▶ Work instructions: Give back the entire listing below, unaltered.

▶ Provided records:

(* Let $\Sigma$ be a finite set, $I\subseteq\Sigma\times\Sigma$ a symmetric irreflexive relation, and $M=M(\Sigma,I)$ the free partially commutative monoid. Let $\Sigma_0\subseteq\Sigma$, $I_0=(\Sigma_0\times\Sigma_0)\cap I$ and $M_0=M(\Sigma_0,I_0)$, regarded as a submonoid of $M$ via the canonical map. Then the monoid ring $\mathbb{Z}M$ is a free left $\mathbb{Z}M_0$-module.
   Context: For a finite alphabet $\Sigma$ and a symmetric irreflexive relation $I\subseteq \Sigma\times\Sigma$ (the commutation relation), the free partially commutative monoid $M(\Sigma,I)$ is the monoid with presentation $\langle \Sigma \mid ab=ba \text{ for all } (a,b)\in I\rangle$. The canonical map $M(\Sigma_0,I_0)\to M(\Sigma,I)$ sends the class of a word over $\Sigma_0$ to its class in $M(\Sigma,I)$; $\mathbb{Z}M_0$ acts on $\mathbb{Z}M$ by left multiplication. *)

From HB Require Import structures.
From mathcomp Require Import all_boot all_order all_algebra generic_quotient.
From mathcomp Require Import finmap boolp.
From Stdlib Require Relations.

Set Implicit Arguments.
Unset Strict Implicit.
Unset Printing Implicit Defensive.

Import GRing.Theory.
Local Open Scope fset_scope.

(* Free partially commutative monoid M(T, I) = < T | ab = ba for I a b >.   *)
Section Trace.
Variables (T : finType) (I : rel T).

Definition swap_step (u v : seq T) : Prop :=
  exists (x y : seq T) (a b : T),
    I a b /\ u = x ++ a :: b :: y /\ v = x ++ b :: a :: y.

Definition trace_eq : seq T -> seq T -> Prop :=
  Relations.Relation_Operators.clos_refl_sym_trans (seq T) swap_step.

Definition trace_eqb (u v : seq T) : bool := `[< trace_eq u v >].

Lemma trace_eqb_refl : reflexive trace_eqb.
Proof. by move=> u; apply/asboolP; apply: Relations.Relation_Operators.rst_refl. Qed.

Lemma trace_eqb_sym : symmetric trace_eqb.
Proof.
move=> u v; apply/asboolP/asboolP => H; exact: Relations.Relation_Operators.rst_sym.
Qed.

Lemma trace_eqb_trans : transitive trace_eqb.
Proof.
move=> v u w /asboolP H1 /asboolP H2; apply/asboolP; exact: Relations.Relation_Operators.rst_trans H1 H2.
Qed.

Canonical trace_equiv : equiv_rel (seq T) :=
  EquivRel trace_eqb trace_eqb_refl trace_eqb_sym trace_eqb_trans.

Definition trace := {eq_quot trace_eqb}%qT.

Definition tword (w : seq T) : trace := (\pi_trace w)%qT.
Definition tmul (x y : trace) : trace := tword (repr x ++ repr y).
Definition tone : trace := tword [::].

Definition mring := {fsfun trace -> int with 0%R}.

Definition mr_zero : mring := [fsfun].

Definition mr_add (f g : mring) : mring :=
  [fsfun m in finsupp f `|` finsupp g => (f m + g m)%R].

Definition mr_mul (f g : mring) : mring :=
  [fsfun m in tmul @2` (finsupp f, fun _ => finsupp g) =>
     (\sum_(x <- finsupp f) \sum_(y <- finsupp g)
        (if tmul x y == m then f x * g y else 0))%R].

End Trace.

Definition mr_push (T' T : finType) (I' : rel T') (I : rel T)
  (phi : trace I' -> trace I) (r : mring I') : mring I :=
  [fsfun m in phi @` finsupp r =>
     (\sum_(x <- finsupp r) (if phi x == m then r x else 0))%R].

Definition tmap (T' T : finType) (I' : rel T') (I : rel T) (h : T' -> T)
  (x : trace I') : trace I := tword I (map h (repr x)).

Definition subalph (T : finType) (S0 : {set T}) : finType := {x : T | x \in S0}.
Definition restr_rel (T : finType) (I : rel T) (S0 : {set T}) : rel (subalph S0) :=
  fun a b => I (val a) (val b).

Definition lincomb (R V : Type) (v0 : V) (add : V -> V -> V)
  (act : R -> V -> V) (s : seq (R * V)) : V :=
  foldr (fun p acc => add (act p.1 p.2) acc) v0 s.

Definition free_lmodule (R V : eqType) (r0 : R) (v0 : V)
  (add : V -> V -> V) (act : R -> V -> V) : Prop :=
  exists B : V -> Prop,
    (forall v : V, exists s : seq (R * V),
        (forall p, p \in s -> B p.2) /\ v = lincomb v0 add act s) /\
    (forall s : seq (R * V),
        uniq (map snd s) -> (forall p, p \in s -> B p.2) ->
        lincomb v0 add act s = v0 -> forall p, p \in s -> p.1 = r0).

▶ Exercise response:
(* Let $\Sigma$ be a finite set, $I\subseteq\Sigma\times\Sigma$ a symmetric irreflexive relation, and $M=M(\Sigma,I)$ the free partially commutative monoid. Let $\Sigma_0\subseteq\Sigma$, $I_0=(\Sigma_0\times\Sigma_0)\cap I$ and $M_0=M(\Sigma_0,I_0)$, regarded as a submonoid of $M$ via the canonical map. Then the monoid ring $\mathbb{Z}M$ is a free left $\mathbb{Z}M_0$-module.
   Context: For a finite alphabet $\Sigma$ and a symmetric irreflexive relation $I\subseteq \Sigma\times\Sigma$ (the commutation relation), the free partially commutative monoid $M(\Sigma,I)$ is the monoid with presentation $\langle \Sigma \mid ab=ba \text{ for all } (a,b)\in I\rangle$. The canonical map $M(\Sigma_0,I_0)\to M(\Sigma,I)$ sends the class of a word over $\Sigma_0$ to its class in $M(\Sigma,I)$; $\mathbb{Z}M_0$ acts on $\mathbb{Z}M$ by left multiplication. *)

From HB Require Import structures.
From mathcomp Require Import all_boot all_order all_algebra generic_quotient.
From mathcomp Require Import finmap boolp.
From Stdlib Require Relations.

Set Implicit Arguments.
Unset Strict Implicit.
Unset Printing Implicit Defensive.

Import GRing.Theory.
Local Open Scope fset_scope.

(* Free partially commutative monoid M(T, I) = < T | ab = ba for I a b >.   *)
Section Trace.
Variables (T : finType) (I : rel T).

Definition swap_step (u v : seq T) : Prop :=
  exists (x y : seq T) (a b : T),
    I a b /\ u = x ++ a :: b :: y /\ v = x ++ b :: a :: y.

Definition trace_eq : seq T -> seq T -> Prop :=
  Relations.Relation_Operators.clos_refl_sym_trans (seq T) swap_step.

Definition trace_eqb (u v : seq T) : bool := `[< trace_eq u v >].

Lemma trace_eqb_refl : reflexive trace_eqb.
Proof. by move=> u; apply/asboolP; apply: Relations.Relation_Operators.rst_refl. Qed.

Lemma trace_eqb_sym : symmetric trace_eqb.
Proof.
move=> u v; apply/asboolP/asboolP => H; exact: Relations.Relation_Operators.rst_sym.
Qed.

Lemma trace_eqb_trans : transitive trace_eqb.
Proof.
move=> v u w /asboolP H1 /asboolP H2; apply/asboolP; exact: Relations.Relation_Operators.rst_trans H1 H2.
Qed.

Canonical trace_equiv : equiv_rel (seq T) :=
  EquivRel trace_eqb trace_eqb_refl trace_eqb_sym trace_eqb_trans.

Definition trace := {eq_quot trace_eqb}%qT.

Definition tword (w : seq T) : trace := (\pi_trace w)%qT.
Definition tmul (x y : trace) : trace := tword (repr x ++ repr y).
Definition tone : trace := tword [::].

Definition mring := {fsfun trace -> int with 0%R}.

Definition mr_zero : mring := [fsfun].

Definition mr_add (f g : mring) : mring :=
  [fsfun m in finsupp f `|` finsupp g => (f m + g m)%R].

Definition mr_mul (f g : mring) : mring :=
  [fsfun m in tmul @2` (finsupp f, fun _ => finsupp g) =>
     (\sum_(x <- finsupp f) \sum_(y <- finsupp g)
        (if tmul x y == m then f x * g y else 0))%R].

End Trace.

Definition mr_push (T' T : finType) (I' : rel T') (I : rel T)
  (phi : trace I' -> trace I) (r : mring I') : mring I :=
  [fsfun m in phi @` finsupp r =>
     (\sum_(x <- finsupp r) (if phi x == m then r x else 0))%R].

Definition tmap (T' T : finType) (I' : rel T') (I : rel T) (h : T' -> T)
  (x : trace I') : trace I := tword I (map h (repr x)).

Definition subalph (T : finType) (S0 : {set T}) : finType := {x : T | x \in S0}.
Definition restr_rel (T : finType) (I : rel T) (S0 : {set T}) : rel (subalph S0) :=
  fun a b => I (val a) (val b).

Definition lincomb (R V : Type) (v0 : V) (add : V -> V -> V)
  (act : R -> V -> V) (s : seq (R * V)) : V :=
  foldr (fun p acc => add (act p.1 p.2) acc) v0 s.

Definition free_lmodule (R V : eqType) (r0 : R) (v0 : V)
  (add : V -> V -> V) (act : R -> V -> V) : Prop :=
  exists B : V -> Prop,
    (forall v : V, exists s : seq (R * V),
        (forall p, p \in s -> B p.2) /\ v = lincomb v0 add act s) /\
    (forall s : seq (R * V),
        uniq (map snd s) -> (forall p, p \in s -> B p.2) ->
        lincomb v0 add act s = v0 -> forall p, p \in s -> p.1 = r0).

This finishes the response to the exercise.